The authors have recently demonstrated(15) manually controlled cell sorting at a rate of about 3000 cells per hour. By automating the cell recognition and switching, throughputs of 100 000 cells per hour are easily achievable.
It has recently been shown that cells can be encapsulated in aqueous droplets submerged in microfluidic channels filled with oil, isolating the cells from the surrounding environment in picolitre-volume ‘beakers’(6). The encapsulation of cells in droplets can easily be integrated before the cells flow into the FAST microbeam, and the cells can be irradiated in the droplets as they flow past the microbeam. This technology has profound impacts on single-cell microbeams, because factors secreted by the cell during irradiation can be captured in a small volume and studied. Also, two or more cells can be encapsulated within the same droplet, one of which can be irradiated and kept in close proximity to the other cells. It is expected that, the bystander signal will be enhanced, due to the close proximity of the cells and the inability of secreted factors to diffuse away.

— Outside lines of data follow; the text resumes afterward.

(* Let $\Phi$ be an irreducible reduced root system with basis $\Delta$. Let $\alpha,\beta$ be long roots with $\alpha\le\beta$. Write $\beta=\sum_{\sigma\in J}n_\sigma\sigma$ and $\alpha=\sum_{\tau\in K}m_\tau\tau$ where $J,K$ are non-empty subsets of $\Delta$ and the $n_\sigma$ (resp. $m_\tau$) are non-zero integers all of the same sign. Then: (i) if $0<\alpha\le\beta$, there is a simple path from $\beta$ to $\alpha$; (ii) if $\alpha<0<\beta$, there is a simple path from $\beta$ to $\alpha$ if and only if some long simple root belongs to both $J$ and $K$; and there is a path from $\beta$ to $\alpha$ if and only if there exist a long root $\sigma\in J$ and a long root $\tau\in K$ with $(\sigma|\tau)\neq0$; (iii) if $\alpha\le\beta<0$, there is a simple path from $\beta$ to $\alpha$.
   Context: $(\cdot|\cdot)$ is a $W$-invariant scalar product with minimal squared root length $1$, maximal squared root length $r$; long roots have squared length $r$; $\Delta_{\mathrm{lg}},\Delta_{\mathrm{sh}}$ are the long and short simple roots. For $x,y$ in the ambient space, $y\le x$ means $x-y$ is a non-negative combination of simple roots. For a long root $\gamma=\sum_{\delta\in\Delta}n_\delta\delta$, $\mathrm{ht}^\vee(\gamma)=\sum_{\delta\in\Delta_{\mathrm{lg}}}n_\delta+\frac1r\sum_{\delta\in\Delta_{\mathrm{sh}}}n_\delta$; $\tilde\alpha$ is the highest root. Level of a long root: $L(\gamma)=\mathrm{ht}^\vee(\tilde\alpha)-\mathrm{ht}^\vee(\gamma)$ if $\gamma>0$, and $L(\gamma)=\mathrm{ht}^\vee(\tilde\alpha)-\mathrm{ht}^\vee(\gamma)-1$ if $\gamma<0$. For long roots $\beta',\alpha'$ and a positive root $\gamma$, $\beta'\xrightarrow{\gamma}\alpha'$ means $\alpha'=s_\gamma(\beta')$ and $L(\alpha')=L(\beta')+1$. A path from $\beta$ to $\alpha$ is a sequence of long roots $\beta=\beta_0\xrightarrow{\gamma_1}\beta_1\cdots\xrightarrow{\gamma_k}\beta_k=\alpha$ with positive roots $\gamma_i$; it is a simple path if all $\gamma_i$ are simple roots. *)

From HB Require Import structures.
From mathcomp Require Import all_boot all_order all_algebra.
From mathcomp Require Import boolp reals.
Set Implicit Arguments. Unset Strict Implicit. Unset Printing Implicit Defensive.
Import Order.TTheory GRing.Theory Num.Theory.
Local Open Scope ring_scope.

Section RootSystems.
Variables (R : realType) (n : nat).
Local Notation V := 'rV[R]_n.

Definition dotv (x y : V) : R := (x *m y^T) 0 0.

Definition refl (a x : V) : V := x - (2 * dotv x a / dotv a a) *: a.

Definition is_reduced_root_system (Phi : seq V) : Prop :=
  [/\ uniq Phi /\ (0 : V) \notin Phi, (span Phi = fullv)%VS,
      (forall a b, a \in Phi -> b \in Phi -> refl a b \in Phi),
      (forall a b, a \in Phi -> b \in Phi ->
          exists z : int, 2 * dotv b a / dotv a a = z%:~R) &
      (forall a (c : R), a \in Phi -> c *: a \in Phi -> c = 1 \/ c = -1)].

Definition is_irreducible (Phi : seq V) : Prop :=
  Phi != [::] /\
  forall P : pred V,
    (forall a b, a \in Phi -> b \in Phi -> P a -> ~~ P b -> dotv a b = 0) ->
    all P Phi \/ all (predC P) Phi.
(* Let $A$ be a basic connected finite dimensional algebra over an algebraically closed field $k$ with ordinary quiver $Q$ without oriented cycles, and assume $A$ is constricted, i.e. $\dim_k e_yAe_x=1$ for every arrow $x\to y$ of $Q$. Let $\nu\colon kQ\twoheadrightarrow A$ be any presentation and $I=\mathsf{Ker}(\nu)$. Then $\theta_\nu\colon\mathsf{Hom}(\pi_1(Q,I),k^+)\to\mathsf{HH}^1(A)$ is an isomorphism. In particular $\mathsf{HH}^1(A)$ is an abelian Lie algebra.
   Context: Fix a complete set $e_1,\dots,e_n$ of primitive orthogonal idempotents of $A$ indexed by $Q_0=\{1,\dots,n\}$, $E=\bigoplus ke_i$. A presentation is a surjective algebra map $\nu\colon kQ\twoheadrightarrow A$ with admissible kernel ($(kQ^+)^N\subseteq\mathsf{Ker}\,\nu\subseteq(kQ^+)^2$ for some $N\ge2$, $kQ^+$ the arrow ideal) and $\nu(e_i)=e_i$. $\mathsf{HH}^1(A)=Der_0(A)/Int_0(A)$, with $Der_0(A)$ the derivations vanishing on all $e_i$ (commutator bracket) and $Int_0(A)=\{a\mapsto ea-ae\mid e\in E\}$. Walks: paths in $Q$ with formal inverse arrows allowed. $\sim_I$ is the smallest equivalence relation on walks with $\alpha\alpha^{-1}\sim_I e_y$, $\alpha^{-1}\alpha\sim_I e_x$ for arrows $\alpha\colon x\to y$, compatible with concatenation, and identifying two paths occurring with nonzero coefficient in a same minimal relation of $I$ (a nonzero $\sum t_iu_i\in I$, $t_i\neq0$, distinct paths, no nonempty proper subsum in $I$). $\pi_1(Q,I)$ is the group of classes of closed walks at a fixed vertex $x_0$. Fix a maximal tree $T$ of $Q$, $\gamma_x$ the minimal walk in $T$ from $x_0$ to $x$. For a group homomorphism $f\colon\pi_1(Q,I)\to k^+$, $\theta_\nu(f)$ is the class of the derivation $\tilde f$ with $\tilde f(\nu(u))=f([\gamma_y^{-1}u\gamma_x]_I)\nu(u)$ for paths $u$ from $x$ to $y$. *)

From HB Require Import structures.
From mathcomp Require Import all_boot all_order all_algebra all_field.
From Stdlib Require Import Relation_Operators.
Set Implicit Arguments. Unset Strict Implicit. Unset Printing Implicit Defensive.
Import GRing.Theory.
Local Open Scope ring_scope.

(* A step of a walk is (alpha, true) (traverse alpha forwards) or             *)
(* (alpha, false) (traverse the formal inverse alpha^-1).                     *)
(* Walks are written in TRAVERSAL order (first step first); thus the walk     *)
(* written  gamma_y^-1 u gamma_x  in the paper (composition from right to     *)
(* left) is  gamma_x ++ u ++ rev(gamma_y)  here.                              *)
Section Quiver.
Variables (n : nat) (Ar : finType) (src tgt : Ar -> 'I_n).

Definition step_start (st : Ar * bool) : 'I_n :=
  if st.2 then src st.1 else tgt st.1.
Definition step_end (st : Ar * bool) : 'I_n :=
  if st.2 then tgt st.1 else src st.1.

Fixpoint wvalid (x : 'I_n) (w : seq (Ar * bool)) : bool :=
  if w is st :: w' then (step_start st == x) && wvalid (step_end st) w'
  else true.
Fixpoint wend (x : 'I_n) (w : seq (Ar * bool)) : 'I_n :=
  if w is st :: w' then wend (step_end st) w' else x.

Definition is_walk (x y : 'I_n) (w : seq (Ar * bool)) : bool :=
  wvalid x w && (wend x w == y).

Definition winv (w : seq (Ar * bool)) : seq (Ar * bool) :=
  rev (map (fun st => (st.1, ~~ st.2)) w).

Definition fw (u : seq Ar) : seq (Ar * bool) := map (fun a => (a, true)) u.

(* u is a path from x to y (the empty path at x is the trivial path e_x) *)
Definition is_path (x y : 'I_n) (u : seq Ar) : bool := is_walk x y (fw u).

Definition acyclic : Prop :=
  forall (x : 'I_n) (u : seq Ar), is_path x x u -> u = [::].

Fixpoint reduced (w : seq (Ar * bool)) : bool :=
  match w with
  | st :: ((st' :: _) as w') =>
      ~~ ((st.1 == st'.1) && (st.2 != st'.2)) && reduced w'
  | _ => true
  end.

Definition in_tree (T : {set Ar}) (w : seq (Ar * bool)) : bool :=
  all (fun st => st.1 \in T) w.

Definition maximal_tree (x0 : 'I_n) (T : {set Ar}) : Prop :=
  (forall x, exists w, is_walk x0 x w && in_tree T w) /\
  (forall x w, is_walk x x w -> in_tree T w -> reduced w -> w = [::]).

Definition tree_walks (x0 : 'I_n) (T : {set Ar}) (gam : 'I_n -> seq (Ar * bool))
  : Prop :=
  forall x, [/\ is_walk x0 x (gam x), in_tree T (gam x) &
     forall w, is_walk x0 x w -> in_tree T w -> (size (gam x) <= size w)%N].
(* The representing matrix X of xi differs from diag(X1, X2) by D with J D
   alternating, and \tr (D x) = \tr ((J D) (x J^-1)) with x J^-1 symmetric. *)
Lemma sp_embed_dual_block xi1 xi2 xi : sp_embed J1 J2 xi1 xi2 xi ->
  forall x, lie (Sp J) x -> xi x = dual_block xi1 xi2 x.
Proof.
move=> [X1 [X2 [X [r1 r2 r hq]]]] x /lie_Sp_sp_mx sx.
have [/(sp_mx_lie_Sp uJ1 aJ1) s1 /(sp_mx_lie_Sp uJ2 aJ2) s2] := sp_mx_block sx.
rewrite (r x (sp_mx_lie_Sp uJ aJ sx)) /dual_block (r1 _ s1) (r2 _ s2).
set Xb := block_mx X1 0 0 X2.
rewrite -[X](subrK Xb) mulmxDl mxtraceD mxtrace_block_diag_mul addrC.
suff -> : \tr ((X - Xb) *m x) = 0 by rewrite addr0.
have aD : alt_form (J *m (X - Xb)).
  move=> v; rewrite mulmxBr mxformBm -!mxform_mulr -[v]vsubmxK.
  rewrite -[mxform J _ (X *m _)]/(qform_of J X _) hq.
  rewrite /Xb /J mul_block_col !mul0mx !addr0 !add0r mxform_block_diag.
  exact: subrr.
rewrite -[X - Xb](mulKmx uJ) mxtrace_mulC [x *m _]mulmxA.
apply: (mxtrace_sym_alt hchar _ aD).
have xT : x^T *m J = J *m x.
  by move/eqP: sx; rewrite addr_eq0 => /eqP ->; rewrite oppmx_pchar2.
rewrite trmx_mul trmx_inv (alt_form_tr hchar aJ).
by rewrite -[x^T](mulmxK uJ) xT !mulmxA mulVmx // mul1mx.
Qed.

Lemma orbit_le_Sp_block (xi1 eta1 : 'M[k]_n1 -> k) (xi2 eta2 : 'M[k]_n2 -> k)
    (xi eta : 'M[k]_(n1 + n2) -> k) :
  orbit_le (Sp J1) (lie (Sp J1)) xi1 eta1 ->
  orbit_le (Sp J2) (lie (Sp J2)) xi2 eta2 ->
  sp_embed J1 J2 xi1 xi2 xi -> sp_embed J1 J2 eta1 eta2 eta ->
  orbit_le (Sp J) (lie (Sp J)) xi eta.
Proof.
move=> le1 le2 exi eeta.
apply: (orbit_le_dual_block (Sp_submonoid J) (Sp_submonoid J1) (Sp_submonoid J2)
  _ Sp_block _ le1 le2 (sp_embed_dual_block exi) (sp_embed_dual_block eeta)).
- move=> h x Sh lx; have [_ unitSp mulSp] := Sp_submonoid J.
  apply: lie_conj lx; first exact: unitSp.
  by move=> a Sa; exact: mulSp (mulSp _ _ (SpV Sh) Sa) Sh.
- move=> x /lie_Sp_sp_mx /sp_mx_block [s1 s2].
  by split; [exact: (sp_mx_lie_Sp uJ1 aJ1 s1) | exact: (sp_mx_lie_Sp uJ2 aJ2 s2)].
Qed.
End SymplecticBlock.
End Symplectic.

Section Orthogonal.
Variable k : fieldType.

Lemma tr_add_trmx n (A : 'M[k]_n) : (A + A^T)^T = A + A^T.
Proof. by rewrite linearD /= trmxK addrC. Qed.

Lemma QfE n (A : 'M[k]_n) v : Qf A v = mxform A v v.
Proof. by []. Qed.

Lemma polarE n (A : 'M[k]_n) v w : polar A v w = mxform (A + A^T) v w.
Proof.
rewrite /polar !QfE mxformDl !mxformDr mxformDm mxform_tr.
ring.
Qed.

Lemma polar0l n (A : 'M[k]_n) w : polar A 0 w = 0.
Proof. by rewrite polarE mxform0l. Qed.

Lemma polar0r n (A : 'M[k]_n) v : polar A v 0 = 0.
Proof. by rewrite polarE mxform0r. Qed.

Lemma altform_ofE n (A X : 'M[k]_n) v w :
  altform_of A X v w = mxform (X^T *m (A + A^T) - (A + A^T) *m X) v w.
Proof. by rewrite /altform_of !polarE mxform_mull mxform_mulr mxformBm. Qed.

Section OrthogonalGroup.
Variables (n : nat) (A : 'M[k]_n).

Lemma O_polar h : Ogrp A h -> forall v w, polar A (h *m v) (h *m w) = polar A v w.
Proof. by case=> _ hQ v w; rewrite /polar -mulmxDr !hQ. Qed.

Lemma O_submonoid : unit_submonoid (Ogrp A).
Proof.
split; first by split; [exact: unitmx1 | move=> v; rewrite mul1mx].
  by move=> a [].
move=> a b [ua ha] [ub hb]; split; first by rewrite unitmx_mul ua ub.
by move=> v; rewrite -mulmxA ha hb.
Qed.

Lemma o_lie_conj h x : Ogrp A h -> o_lie A x -> o_lie A (invmx h *m x *m h).
Proof.
move=> Oh [ox rx]; have hp := O_polar Oh; have uh : h \in unitmx by case: Oh.
split=> [v|v rv].
  by rewrite -hp !mulmxA mulmxV // mul1mx -!mulmxA; apply: ox.
have rhv : radb A (h *m v) by move=> w; rewrite -[w](mulKVmx uh) hp; apply: rv.
by rewrite -!mulmxA (rx _ rhv) mulmx0.
Qed.

Lemma o_lie_alt x : o_lie A x -> alt_form (x^T *m (A + A^T)).
Proof. by case=> ox _ v; rewrite -mxform_mull -polarE. Qed.

Lemma o_lie_coker x : o_lie A x -> x *m cokermx (A + A^T) = 0.
Proof.
case=> _ rx; apply/matrixP => i j; rewrite [RHS]mxE.
have radC : radb A (col j (cokermx (A + A^T))).
  move=> w; rewrite polarE -mxform_tr tr_add_trmx /mxform colE mulmxA.
  by rewrite -[w^T *m _ *m _]mulmxA mulmx_coker mulmx0 mul0mx mxE.
have := congr1 (fun M : 'cV[k]_n => M i 0) (rx _ radC).
by rewrite colE mulmxA -colE !mxE.
Qed.

Lemma SO_sub_O h : SOgrp A h -> Ogrp A h.
Proof. by case=> S [SO _ _ Sh]; apply: SO. Qed.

This study presents the preliminary design and testing of a novel microbeam technology under development at RARAF—the FAST microbeam. In this system, cells undergo controlled fluidic transport at rates of 1–10 mm s−1 along a 200-μm-wide/20-μm-thick microfluidic channel intersecting the microbeam path. Cells are imaged and tracked in real-time, and dynamically targeted, using a magnetic Point and Shoot system. With the proposed FAST system, this study expects to reach a throughput of 100 000 cells per hour, which will allow increasing the throughput of microbeam experiments by at least one order of magnitude.
This work was supported by the national institute of biomedical imaging and bioengineering (NIH/NIBIB, grant #5P41EB002033).